I was surprised at how devastated I was when this became clear to us. After all, I am a mother now just as I’d always hoped.  But giving up the dream of another baby was awful.  I felt angry, cheated, confused, and broken.  Why wouldn’t God give me this good gift?  Why?

Time has passed and some healing has taken place.  Most days I’m content with just having my sweet boy Lucas.  He is a blessing and a miracle–a precious gift.  We have a wonderful and happy life, the three of us.  There are things I can do with one child that I probably couldn’t do with multiple children.  I don’t pretend to know the ramifications more children would have on my health, our lifestyle, or our future.  Still, there are times when that pain comes back, grabs me by the throat and takes my breath away.  There are times when I grieve the loss of the children that I want, that my heart longs to love, but that I will never have.

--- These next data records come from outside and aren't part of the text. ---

(* Let $K\subseteq\mathbb{R}^{n}$ be compact and let $T\subseteq\mathbb{R}^{n}$ be compact with non-empty interior. Then \[ \max\left\{\frac{\mathrm{Vol}(K)}{\mathrm{Vol}(T)},1\right\}\le M_{\omega}(K,T). \]
   Context: $\mathrm{Vol}$ is Lebesgue measure. $\mathbbm{1}_A$ is the indicator of $A$. $\mathcal{D}_+^n$ is the set of non-negative finite discrete measures on $\mathbb{R}^n$ (finite sums $\sum_i\omega_i\delta_{x_i}$, $\omega_i\ge0$); $(\nu*\mathbbm{1}_T)(x)=\int\mathbbm{1}_T(x-y)\,d\nu(y)$. $M_\omega(K,T)=\sup\{\nu(K):\nu\in\mathcal{D}_+^n,\ \nu*\mathbbm{1}_T\le1\text{ on }\mathbb{R}^n\}$. *)

From HB Require Import structures.
From mathcomp Require Import all_boot all_order all_algebra.
From mathcomp Require Import all_classical all_reals all_analysis.
Set Implicit Arguments. Unset Strict Implicit. Unset Printing Implicit Defensive.
Import Order.TTheory GRing.Theory Num.Theory.
Import numFieldNormedType.Exports.
Local Open Scope classical_set_scope.
Local Open Scope ring_scope.

Section Defs.
Variables (R : realType) (n : nat).

Definition box (a b : 'I_n -> R) : set 'rV[R]_n :=
  [set x | forall i : 'I_n, a i <= x ord0 i <= b i].

Definition boxvol (a b : 'I_n -> R) : R :=
  \prod_(i < n) Num.max 0 (b i - a i).

(* On Lebesgue measurable sets (in particular
   compact sets) this is the n-dimensional Lebesgue measure Vol. *)
Definition lebesgue_outer (A : set 'rV[R]_n) : \bar R :=
  ereal_inf [set s : \bar R | exists (a b : nat -> 'I_n -> R),
     A `<=` \bigcup_k box (a k) (b k) /\
     s = (\sum_(0 <= k <oo) (boxvol (a k) (b k))%:E)%E].

(* Vol, real-valued (finite on bounded sets, e.g. compact sets) *)
Definition Vol (A : set 'rV[R]_n) : R := fine (lebesgue_outer A).

(* A non-negative finite discrete measure  nu = sum_i w_i delta_{x_i}
   is represented by the finite list of its atoms (w_i, x_i), w_i >= 0. *)
Definition dmeasure (s : seq (R * 'rV[R]_n)) (A : set 'rV[R]_n) : R :=
  \sum_(p <- s) p.1 * \1_A p.2.

(* (nu * 1_T)(x) = int 1_T(x - y) dnu(y) *)
Definition dconv (s : seq (R * 'rV[R]_n)) (T : set 'rV[R]_n) (x : 'rV[R]_n) : R :=
  \sum_(p <- s) p.1 * \1_T (x - p.2).

Definition discrete_nonneg (s : seq (R * 'rV[R]_n)) : Prop :=
  forall p, p \in s -> 0 <= p.1.

Definition M_omega (K T : set 'rV[R]_n) : \bar R :=
  ereal_sup [set (dmeasure s K)%:E | s in
    [set s | discrete_nonneg s /\ forall x, dconv s T x <= 1]].

End Defs.

From HB Require Import structures.
From mathcomp Require Import all_boot all_order all_algebra.
From mathcomp Require Import all_classical all_reals all_analysis.
From mathcomp Require Import unstable ring lra zify finmap.
(* A single unit atom at a point of [K] already gives [M_omega K T >= 1].
   For the volume ratio fix [r] with [r * Vol T < Vol K] and a grid of mesh [d],
   and put an atom of weight [d^n r / Vol K] at one point of [K] in every grid
   cell meeting [K].  These cells cover [K], so there are at least [Vol K / d^n]
   of them and the measure of [K] is at least [r].  By compactness [T], hence
   every [x - T], is covered by finitely many open boxes of total volume at most
   [Vol T + e]; a box with sides [l_i] meets at most [prod (l_i + 2d) / d^n]
   cells, so for small [d] the convolution is at most
   [r (Vol T + 2e) / Vol K <= 1]. *)

Set Implicit Arguments. Unset Strict Implicit. Unset Printing Implicit Defensive.
Import Order.TTheory GRing.Theory Num.Theory.
Import numFieldNormedType.Exports.
Local Open Scope classical_set_scope.
Local Open Scope ring_scope.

Here is the entire devotional from that day (taken from A Daily Light on the Daily Path, compiled by Samuel Bagster):

Let your requests be made known to God.

“Abba, Father, all things are possible for you. Remove this cup from me. Yet not what I will, but what you will.”—A thorn was given me in the flesh. . . . Three times I pleaded with the Lord about this, that it should leave me. But he said to me, “My grace is sufficient for you, for my power is made perfect in weakness.” Therefore I will boast all the more gladly of my weaknesses.

I pour out my complaint before him; I tell my trouble before him.—Hannah . . . was deeply distressed and prayed to the Lord and wept bitterly. And she vowed a vow and said, “O Lord of hosts, if you will indeed look on the affliction of your servant and . . . will give to your servant a son, then I will give him to the Lord all the days of his life.” . . . and the Lord remembered her.—We do not know what we ought to pray for–He shall choose our inheritance for us.

(References: Philippians 4:6; Mark 14:36; 2 Corinthians 12:7-9; Psalm 142:2; 1 Samuel 1:9-11, 19; Romans 8:26; Psalm 47:4)

I could write an entire post about each of these verses.  There is so much truth, so much comfort, and so much of my life in these verses.  That night, it was the last two that stuck out to me.  Part of living a life of faith is trusting that God’s plan is best, letting Him choose, and being willing to surrender our lives to His plan.  That is so difficult when what He allows in our lives involves pain and hardship.  It’s hard when His plan is a diversion from what we long for, dream of and expect.  Many times I have prayed for what I thought was best only to see that God had a different, better plan for me or for those I love.  It’s not always obvious though.  Sometimes I can see God’s purposes and sometimes I can’t.  But whether or not I can see it, whether or not I understand, God’s plan is best.  His plan is best even when the path is wrought with suffering, even when I face bitter disappointment. 

I don’t mean to suggest that God causes the heartache in our lives.  We live in a broken world and we can’t escape the repercussions of that.  God doesn’t always prevent our pain, however, and that can be very hard to swallow.  I have been disappointed with God, angry at Him and confused by Him.  I have questioned Him.  But ultimately, it’s the experience of His love for me and the memory of His great faithfulness that brings me back to the place of trust.  God lives in eternity and I am bound by time.  He sees the big picture; I can only see what’s right in front of me.  He is sovereign and I am finite.

I don’t know why God has not given us another child, but He owes me no explanation.  I know He loves me and I know he has a purpose and a plan for me. That is enough.  Children are an inheritance from the Lord (Psalm 127:3).  They are an allotted portion, a gift, a blessing.  I trust my Savior.  He has chosen our legacy for us.  He has chosen to give us the rich inheritance of one.